Sean Benjamin of mechanical engineering demonstrates the prosthetic hand developed by his team, Prosthesis for New Syria, by picking up an egg at Design Day. Around 40,000 Syrian refugees living in Lebanon require upper limb prostheses. However, most current transradial prostheses are expensive, not easily accessible, or not easily customizable. The team used 3D printing technology. The printed prosthetic parts are combined with a muscle sensor to obtain muscle signals from the patient’s residual limb, which in turn actuate flexion in the device’s fingers. At left is fellow team member Crystal Kim. (Photo by J. Adam Fenster/ University of Rochester )

Is there a better way to monitor who’s knocking on your door when you’re not at home? What if surgeons could realistically practice operations ahead of time – but not be unnecessarily exposed to X-rays? And how do you entertain young patrons in a children’s library, in a way that stimulates their interest in science and technology?

These were among the myriad challenges that students in the Hajim School of Engineering and Applied Sciences tackled during their senior design projects at the University of Rochester this year.

Of the 90 projects, more than 50 were sponsored or supervised by outside companies, clinicians at the University’s Medical Center five minutes away, and local institutions and service agencies. This gave the students an opportunity to apply the skills they’ve learned in academic labs and classrooms to “real world” problems.

Here’s a sampling:

A student talks about the project he and his teammates created.
Matt Sperr, at left, talks about the Kinetic Ball Machine he and his teammates created for the Rochester Public Library.
‘The kids are going to love it’

Tonia Burton’s wish list for the children’s section of the downtown Rochester Public Library included “something like a Rube Goldberg machine” that young patrons could interact with in a large display area. Something that might also get the children interested in exploring science and engineering.

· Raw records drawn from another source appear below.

Definition gadj k (E : {set {set 'I_k}}) : rel 'I_k := fun u w => [set u; w] \in E.

Definition component_edges k (E : {set {set 'I_k}}) (v : 'I_k)
  : {set {set 'I_k}} :=
  [set e in E | e \subset [set w | connect (gadj E) v w]].

From Pilot Require Import Defs.
From HB Require Import structures.
From mathcomp Require Import all_boot all_order all_fingroup all_solvable.
From mathcomp Require Import zify.
Set Implicit Arguments. Unset Strict Implicit. Unset Printing Implicit Defensive.

(* Say that f is block-free at vertex j when f(x) does not depend on the j-th
   matrix of x in Omega.  Since G acts regularly on itself, f is block-free at
   j as soon as Stab_Q(f) contains every element supported on coordinate 2j
   alone (or every one supported on 2j+1 alone), and conversely.  For an edge
   {p, p+1} of E(H) with H <= L = Stab_Q(f), the restriction of L to the two
   coordinates of the edge is a subgroup of G x G containing the diagonal,
   hence, G being simple, either the diagonal or all of G x G.  So {p, p+1} is
   not an edge of E(L) exactly when f is block-free at p, and then f is
   block-free at p+1 as well: block-freeness spreads along the component.  If
   the conclusion failed, every f_i with L_i = Stab_Q(f_i) would be block-free
   on the whole component, so for an edge {p, p+1} of it and x <> 1 the
   element with x at coordinate 2p+1 and 1 elsewhere would lie in every L_i,
   hence in K, and {p, p+1} could not be an edge of E(K). *)

Section DiagonalOvergroup.
Local Open Scope group_scope.
Variables (gT : finGroupType) (G : {group gT}).

Lemma pair_mulg (a b c d : gT) : (a, b) * (c, d) = (a * c, b * d).
Proof. by []. Qed.

Lemma pair_invg (a b : gT) : (a, b)^-1 = (a^-1, b^-1).
Proof. by []. Qed.

Lemma simple_diag_overgroup (R : {group gT * gT}) :
  simple G -> [set (g, g) | g in G] \subset R -> R \subset setX G G ->
  ~~ (R \subset [set (g, g) | g in G]) -> R :=: setX G G.
Proof.
move=> simG /subsetP diagR /subsetP RGG /subsetPn [[x y] xyR xy_ndiag].
have /andP [xG yG] : (x \in G) && (y \in G) by rewrite -in_setX RGG.
have gg_R g : g \in G -> (g, g) \in R by move=> gG; rewrite diagR ?imset_f.
pose N := G :&: pairg1 gT @*^-1 R.
have mem_N z : (z \in N) = (z \in G) && ((z, 1) \in R) by rewrite !inE.
have N_conj z g : z \in N -> g \in G -> z ^ g \in N.
  rewrite !mem_N => /andP [zG zR] gG; rewrite groupJ //=.
  by have := groupJ zR (gg_R g gG); rewrite /conjg pair_invg !pair_mulg mul1g mulVg.
have N_normal : N <| G.
  rewrite /normal subsetIl; apply/subsetP => g gG; rewrite inE; apply/subsetP => z.
  by rewrite mem_conjg => /N_conj /(_ gG); rewrite conjgKV.
have xy_N : x * y^-1 \in N.
  rewrite mem_N groupM ?groupV //=.
  by have := groupM xyR (groupVr (gg_R y yG)); rewrite pair_invg pair_mulg mulgV.
have N_G : N :=: G.
  case/simpleP: simG => _ /(_ _ N_normal) [] // N1.
  move: xy_N; rewrite (N1 : N = 1) => /set1gP /eqP; rewrite mulg_eq1 invgK => /eqP xy.
  by case/negP: xy_ndiag; rewrite xy imset_f.
apply/eqP; rewrite eqEsubset; apply/andP; split; first exact/subsetP.
apply/subsetP => -[a b] /[!in_setX] /andP [aG bG].
have : a * b^-1 \in N by rewrite N_G groupM ?groupV.
rewrite mem_N => /andP [_ ab_R].
by have := groupM ab_R (gg_R b bG); rewrite pair_mulg mulgKV mul1g.
Qed.
End DiagonalOvergroup.
(* For $\eta>0$ and $x,y\in\mathbf{R}^3$ let $$\mathcal{R}_0(\eta;x,y)=\frac{1}{1+2\eta^2}\cdot\frac{e^{i\eta|x-y|}-e^{-i\eta|x-y|}}{4\pi|x-y|}.$$ Then for $t>1$, $$\sup_{x,y\in\mathbf{R}^3}\Big|\int_0^\infty e^{-it(\eta^4+\eta^2)}\mathcal{R}_0(\eta;x,y)(4\eta^3+2\eta)\,d\eta\Big|\lesssim |t|^{-3/2},$$ and for $0<t\le1$ the same supremum is $\lesssim|t|^{-3/4}$.
   Context: $\mathcal{R}_0(\eta;x,y)=R_0^+(\lambda;x,y)-R_0^-(\lambda;x,y)$ with $\lambda=\eta^4+\eta^2$, where $R_0^\pm(\lambda)=\lim_{\epsilon\downarrow0}(\Delta^2-\Delta-(\lambda\pm i\epsilon))^{-1}$ on $\mathbf{R}^3$ has kernel $R_0^\pm(\lambda;x,y)=\frac{1}{1+2\eta^2}\Big(\frac{e^{\pm i\eta|x-y|}}{4\pi|x-y|}-\frac{e^{-\sqrt{1+\eta^2}|x-y|}}{4\pi|x-y|}\Big)$, $\eta=(\sqrt{1/4+\lambda}-1/2)^{1/2}$. The integral over $(0,\infty)$ is understood as an (improper) oscillatory integral. *)

From Stdlib Require Import Reals.
From Coquelicot Require Import Coquelicot.
Open Scope R_scope.

Definition R3 : Type := (R * R * R)%type.

Definition dist3 (x y : R3) : R :=
  let '(x1, x2, x3) := x in
  let '(y1, y2, y3) := y in
  sqrt ((x1 - y1)^2 + (x2 - y2)^2 + (x3 - y3)^2).

Definition cexpi (theta : R) : C := (cos theta, sin theta).

Definition R0ker (eta : R) (x y : R3) : C :=
  let r := dist3 x y in
  Cmult (RtoC (/ (1 + 2 * eta ^ 2)))
        (Cdiv (Cminus (cexpi (eta * r)) (cexpi (- (eta * r))))
              (RtoC (4 * PI * r))).

Definition integrand (t : R) (x y : R3) (eta : R) : C :=
  Cmult (cexpi (- (t * (eta ^ 4 + eta ^ 2))))
        (Cmult (R0ker eta x y) (RtoC (4 * eta ^ 3 + 2 * eta))).

Definition improper_integral_0_infty (f : R -> C) (l : C) : Prop :=
  is_RInt_gen (V := C_R_CompleteNormedModule) f (at_point 0) (Rbar_locally p_infty) l.

(* Writing [r = |x - y|], the integrand equals [i e^{-it(e^4+e^2)} e sin (e r) / (pi r)], so it
   suffices to bound the real integrals [I = int_0^oo cos (t (e^4 + e^2) + th) e sin (e r) de]
   by [C r t^(-3/2)] and [C r t^(-3/4)], uniformly in the phase shift [th].  Integrating by
   parts against the phase [Phi] turns [I] into [-(1/t) int_0^oo sin Phi A'] with
   [A e = sin (e r) / (4 e^2 + 2)]; this remainder is [O(r / e^2)], whence convergence.
   For large [t], [sin Phi A'] splits into oscillations with quartic phases ([Phi'' >= 2 t])
   against amplitudes of variation [O(1)] and [O(r)], and the van der Corput lemma gives
   [O(r / sqrt t)] for the remainder.  For small [t], split at [e0 = t^(-1/4)]: the integrand
   is [O(r e^2)] below [e0], and the boundary term and the tail of the remainder are
   [O(r / (t e0)) = O(r e0^3)] above it. *)

From Stdlib Require Import Reals Lra Psatz.
From Coquelicot Require Import Coquelicot.
Open Scope R_scope.

Ltac continuous_by_derive :=
  apply (ex_derive_continuous (K := R_AbsRing) (V := R_NormedModule)); auto_derive.

Section RealIntegrals.
Implicit Types (f g m F : R -> R) (a b c x : R).

Lemma continuous_Rmult f g x :
  continuous f x -> continuous g x -> continuous (fun y => f y * g y) x.
Proof. intros; apply (continuous_mult (K := R_AbsRing)); auto. Qed.

Lemma continuous_of_is_derive F f x : is_derive F x (f x) -> continuous F x.
Proof.
  intros H; apply (ex_derive_continuous (K := R_AbsRing) (V := R_NormedModule)).
  eexists; eauto.
Qed.

Lemma Derive_of_is_derive f x l : is_derive f x l -> Derive (fun y : R => f y) x = l.
Proof. apply is_derive_unique. Qed.

Lemma ex_RInt_continuous_on f a b :
  a <= b -> (forall x, a <= x <= b -> continuous f x) -> ex_RInt f a b.
Proof.
  intros Hab Hf; apply (ex_RInt_continuous (V := R_CompleteNormedModule)).
  rewrite Rmin_left, Rmax_right by lra; auto.
Qed.

Lemma ex_RInt_continuous_R f a b : (forall x, continuous f x) -> ex_RInt f a b.
Proof. intros Hf; apply (ex_RInt_continuous (V := R_CompleteNormedModule)); auto. Qed.

(* [RInt] identities stated at type [R] rather than at the carrier of
   [R_CompleteNormedModule], so that [rewrite], [ring] and [lra] apply to the results. *)
Lemma RInt_antiderivative F f a b : a <= b ->
  (forall x, a <= x <= b -> is_derive F x (f x)) ->
  (forall x, a <= x <= b -> continuous f x) ->
  @eq R (RInt f a b) (F b - F a).
Proof.
  intros Hab HD HC; apply (is_RInt_unique (V := R_CompleteNormedModule)).
  apply (is_RInt_derive (V := R_CompleteNormedModule));
    rewrite Rmin_left, Rmax_right by lra; auto.
Qed.

Lemma RInt_Rplus f g a b : ex_RInt f a b -> ex_RInt g a b ->
  @eq R (RInt (fun x => f x + g x) a b) (RInt f a b + RInt g a b).
Proof. intros; apply (RInt_plus (V := R_CompleteNormedModule)); auto. Qed.

Lemma RInt_Rminus f g a b : ex_RInt f a b -> ex_RInt g a b ->
  @eq R (RInt (fun x => f x - g x) a b) (RInt f a b - RInt g a b).
Proof. intros; apply (RInt_minus (V := R_CompleteNormedModule)); auto. Qed.

Lemma RInt_Rmult_l f a b c : ex_RInt f a b ->
  @eq R (RInt (fun x => c * f x) a b) (c * RInt f a b).
Proof. intros; apply (RInt_scal (V := R_CompleteNormedModule)); auto. Qed.

Lemma RInt_Chasles_R f a b c : ex_RInt f a b -> ex_RInt f b c ->
  @eq R (RInt f a b + RInt f b c) (RInt f a c).
Proof. intros; apply (RInt_Chasles (V := R_CompleteNormedModule)); auto. Qed.

Lemma abs_RInt_le_RInt f m a b : a <= b -> ex_RInt f a b -> ex_RInt m a b ->
  (forall x, a <= x <= b -> Rabs (f x) <= m x) -> Rabs (RInt f a b) <= RInt m a b.
Proof.
  intros Hab Hf Hm H; eapply Rle_trans; [apply abs_RInt_le; auto |].
  apply RInt_le; auto.
  - apply (ex_RInt_norm f); auto.
  - intros; apply H; lra.
Qed.

End RealIntegrals.

Lemma increment_ge_of_derive_ge (f df : R -> R) a b lam x y :
  (forall z, is_derive f z (df z)) -> (forall z, a <= z <= b -> lam <= df z) ->
  a <= x <= y -> y <= b -> lam * (y - x) <= f y - f x.
Proof.
  intros Hf Hdf Hxy Hyb.
  destruct (Req_dec x y) as [-> | Hne]; [lra |].
  destruct (MVT_gen f x y df) as [c [Hc ->]].
  - intros z _; apply Hf.
  - intros z _; apply continuity_pt_filterlim, (continuous_of_is_derive f df), Hf.
  - rewrite Rmin_left, Rmax_right in Hc by lra.
    assert (lam <= df c) by (apply Hdf; lra); nra.
Qed.

Lemma sqrt_inv_pos lam : 0 < lam -> 0 < / sqrt lam /\ lam * / sqrt lam = sqrt lam.
Proof.
  intros H; assert (0 < sqrt lam) by (apply sqrt_lt_R0; auto).
  split; [apply Rinv_0_lt_compat; auto |].
  rewrite <- (sqrt_sqrt lam) at 1 by lra; field; lra.
Qed.

Lemma Rabs_sin_le x : Rabs (sin x) <= Rabs x.
Proof.
  destruct (MVT_gen sin 0 x cos) as [c [_ E]].
  - intros; apply is_derive_sin.
  - intros; apply continuity_pt_filterlim, (continuous_of_is_derive sin cos), is_derive_sin.
  - rewrite sin_0, !Rminus_0_r in E; rewrite E, Rabs_mult.
    assert (Rabs (cos c) <= 1) by apply Rabs_le, COS_bound.
    assert (0 <= Rabs x) by apply Rabs_pos; nra.
Qed.

Lemma Rabs_sin_mult_le e r : 0 <= e -> 0 <= r -> Rabs (sin (e * r)) <= e * r.
Proof.
  intros; eapply Rle_trans; [apply Rabs_sin_le |]; rewrite Rabs_right; nra.
Qed.

Lemma Rabs_div_le num den N d : Rabs num <= N -> 0 < d -> d <= den -> Rabs (num / den) <= N / d.
Proof.
  intros Hn Hd Hden; unfold Rdiv; rewrite Rabs_mult, Rabs_inv, (Rabs_right den) by lra.
  assert (0 <= Rabs num) by apply Rabs_pos.
  assert (/ den <= / d) by (apply Rinv_le_contravar; lra).
  assert (0 < / den) by (apply Rinv_0_lt_compat; lra).
  apply Rmult_le_compat; lra.
Qed.

Lemma is_derive_reflect (f df : R -> R) y :
  is_derive f (- y) (df (- y)) -> is_derive (fun z => f (- z)) y (- df (- y)).
Proof.
  intros Hf.
  assert (Hopp : is_derive (fun z : R => - z) y (-1)) by (auto_derive; auto; ring).
  replace (- df (- y)) with (scal (-1) (df (- y))) by (cbn; unfold mult; cbn; ring).
  apply (is_derive_comp f (fun z => - z)); auto.
Qed.

Lemma RInt_reflect (f : R -> R) a b :
  ex_RInt f a b -> RInt (fun y => f (- y)) (- b) (- a) = RInt f a b.
Proof.
  intros Hf; apply (is_RInt_unique (V := R_CompleteNormedModule)).
  assert (H : is_RInt f (- - a) (- - b) (RInt f a b))
    by (rewrite !Ropp_involutive; apply (RInt_correct (V := R_CompleteNormedModule)); auto).
  apply (is_RInt_comp_opp f) , is_RInt_swap, is_RInt_opp in H.
  rewrite opp_opp in H; eapply is_RInt_ext; [| exact H].
  intros; apply opp_opp.
Qed.

(** * Van der Corput estimates *)

Section VanDerCorput.
Variables p p1 p2 : R -> R.
Hypothesis p_deriv : forall x, is_derive p x (p1 x).
Hypothesis p1_deriv : forall x, is_derive p1 x (p2 x).
Hypothesis p2_cont : forall x, continuous p2 x.

Let p_cont x : continuous p x := continuous_of_is_derive p p1 x (p_deriv x).
Let p1_cont x : continuous p1 x := continuous_of_is_derive p1 p2 x (p1_deriv x).

Let cos_p_cont x : continuous (fun y => cos (p y)) x.
Proof. apply (continuous_comp p cos); auto; continuous_by_derive; auto. Qed.

Let sin_p_cont x : continuous (fun y => sin (p y)) x.
Proof. apply (continuous_comp p sin); auto; continuous_by_derive; auto. Qed.

Lemma RInt_cos_by_parts a b : a <= b -> (forall x, a <= x <= b -> p1 x <> 0) ->
  RInt (fun x => cos (p x)) a b
  = sin (p b) / p1 b - sin (p a) / p1 a + RInt (fun x => sin (p x) * (p2 x / (p1 x * p1 x))) a b.
Proof.
  intros Hab Hp1.
  assert (Hcont : forall x, a <= x <= b ->
                    continuous (fun y => sin (p y) * (p2 y / (p1 y * p1 y))) x).
  { intros x Hx; repeat apply continuous_Rmult; auto.
    apply continuous_Rinv_comp; [apply continuous_Rmult; auto |].
    apply Rmult_integral_contrapositive; auto. }
  assert (H : RInt (fun x => cos (p x) - sin (p x) * (p2 x / (p1 x * p1 x))) a b
              = sin (p b) / p1 b - sin (p a) / p1 a).
  { apply (RInt_antiderivative (fun x => sin (p x) / p1 x)); auto.
    - intros x Hx; specialize (Hp1 x Hx); auto_derive.
      + repeat split; try (eexists; eauto); auto.
      + rewrite (Derive_of_is_derive _ _ _ (p_deriv x)), (Derive_of_is_derive _ _ _ (p1_deriv x)).
        field; auto.
    - intros x Hx; apply (continuous_minus (V := R_NormedModule)); auto. }
  rewrite RInt_Rminus in H by (apply ex_RInt_continuous_on; auto); lra.
Qed.
(* Let $F:X\to X$ be an interaction, let $S\in st_0(\Gamma_F)$, and let $\mathcal{X}_SF$ be the expansion of $F$ over $S$. If $\tilde\Lambda_{pq}$ are constants satisfying the Lipschitz condition for $\mathcal{X}_SF$ with $\rho(\tilde\Lambda)<1$, then $F$ has a globally attracting fixed point, i.e. there exists $\bar x\in X$ such that $F^k(y)\to\bar x$ as $k\to\infty$ for every $y\in X$.
   Context: Let $\mathcal{I}=\{1,\dots,n\}$, $(X_i,d)$ compact metric spaces, $X=\prod_iX_i$ with $d_{\max}(x,y)=\max_id(x_i,y_i)$. An interaction $F:X\to X$ is given by nonempty $\mathcal{I}_j\subseteq\mathcal{I}$ and continuous $F_j:\prod_{i\in\mathcal{I}_j}X_i\to X_j$ with $F(x)_j=F_j(\{x_i\}_{i\in\mathcal{I}_j})$, together with constants $\Lambda_{ij}\ge0$ ($\Lambda_{ij}=0$ if $i\notin\mathcal{I}_j$) with $d(F_j(\{x_i\}),F_j(\{y_i\}))\le\sum_{i\in\mathcal{I}_j}\Lambda_{ij}d(x_i,y_i)$. For a map $G$ on a finite product $\prod_pY_p$ of compact metric spaces whose $q$-th component is a continuous function of the coordinates in a set $\mathcal{J}_q$, constants $\tilde\Lambda_{pq}\ge0$ ($=0$ for $p\notin\mathcal{J}_q$) satisfy the Lipschitz condition if $d(G(u)_q,G(w)_q)\le\sum_{p}\tilde\Lambda_{pq}d(u_p,w_p)$ for all $u,w$. $\rho$ is spectral radius. The graph of interactions $\Gamma_F$ has vertices $v_1,\dots,v_n$ and an edge $v_i\to v_j$ of weight $\Lambda_{ij}$ when $i\in\mathcal{I}_j$. $st_0(\Gamma_F)$ is the set of nonempty $S\subseteq\{v_1,\dots,v_n\}$ such that the subgraph induced on the complement of $S$ has no directed cycles and no loops; $\mathcal{I}_S=\{j:v_j\in S\}$. A branch is a path of distinct vertices $u_1,\dots,u_m$, or a cycle ($u_1=u_m$, others distinct), with $u_1,u_m\in S$ and interior vertices $u_2,\dots,u_{m-1}\notin S$; $|\beta|=m$; $\mathcal{B}_S(\Gamma_F)$ denotes the set of branches. Expansion $\mathcal{X}_SF$: for each branch $\beta$ with $r=|\beta|-2\ge1$ introduce new coordinates $\eta(\beta,1),\dots,\eta(\beta,r)$ (distinct new indices), each with state space $X_{a_0}$, $v_{a_0}$ the initial vertex of $\beta$; $B_S$ is the product of these spaces and $X|_S=\prod_{j\in\mathcal{I}_S}X_j$. For $j\in\mathcal{I}_S$, start from $F_j(\{x_i\}_{i\in\mathcal{I}_j})$ and repeatedly replace each occurring variable $x_i$ with $i\notin\mathcal{I}_S$ by $F_i(\{x_k\}_{k\in\mathcal{I}_i})$ until only variables with indices in $\mathcal{I}_S$ remain; each occurrence of $x_{a_0}$ nested as $F_j(\dots F_{a_r}(\dots F_{a_1}(\dots x_{a_0}\dots)))$ corresponds to the branch $\beta=v_{a_0},v_{a_1},\dots,v_{a_r},v_j$ and is replaced by $x_{\eta(\beta,r)}$ if $r\ge1$ (unchanged if $r=0$); the result is $\tilde F_j$. Then $\mathcal{X}_SF:X|_S\times B_S\to X|_S\times B_S$ has components $(\mathcal{X}_SF)_j=\tilde F_j$ ($j\in\mathcal{I}_S$), $(\mathcal{X}_SF)_{\eta(\beta,1)}=x_{a_0}$, and $(\mathcal{X}_SF)_{\eta(\beta,\ell)}=x_{\eta(\beta,\ell-1)}$ for $2\le\ell\le|\beta|-2$. *)

From HB Require Import structures.
From mathcomp Require Import all_boot all_order all_algebra.
From mathcomp Require Import classical_sets reals.
From mathcomp Require Import complex.
From mathcomp Require Import zify.

Set Implicit Arguments.
Unset Strict Implicit.
Unset Printing Implicit Defensive.

Import Order.TTheory GRing.Theory Num.Theory.
Local Open Scope ring_scope.

Section Metric.
Variables (R : realType) (T : Type) (d : T -> T -> R).

Definition is_metric : Prop :=
  [/\ forall x y, 0 <= d x y,
      forall x y, d x y = 0 <-> x = y,
      forall x y, d x y = d y x &
      forall x y z, d x z <= d x y + d y z].

Definition dopen (U : T -> Prop) : Prop :=
  forall x, U x -> exists2 e : R, 0 < e & forall y, d x y < e -> U y.

Definition dcompact : Prop :=
  forall (I : Type) (U : I -> T -> Prop),
    (forall i, dopen (U i)) -> (forall x, exists i, U i x) ->
    exists s : seq I, forall x, exists i, List.In i s /\ U i x.
End Metric.

Definition dmax (R : realType) (I : finType) (Y : I -> Type)
  (dY : forall i, Y i -> Y i -> R) (u w : forall i, Y i) : R :=
  \big[Num.max/0]_(i : I) dY i (u i) (w i).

And now she’s got it – thanks to mechanical engineering students Seth Schaffer, Catherine Mawn-Mahlau, Matthew Sperr, Hunter Phinney, and Benjamin Hoog.  They came up with “this amazing thing,” says Burton, the library’s children's services consultant. “The kids are going to love it. It is going to give them something different to do, and hopefully lead to a lot of interesting conversations.”

The Kinetic Ball Machine the engineering students created certainly generated a lot of attention on Design Day, the Hajim School’s annual showcasing of senior capstone projects, held this spring in the Goergen Athletic Center. Two large wooden gears carry brightly colored balls to the top of the display; a spiraling tube made from recycled green plastic juice containers lets the balls roll back down and over the spine of wooden toy dinosaur to the starting place. There’s also a wooden castle to add a literary theme to the mix of science, engineering, and sustainability.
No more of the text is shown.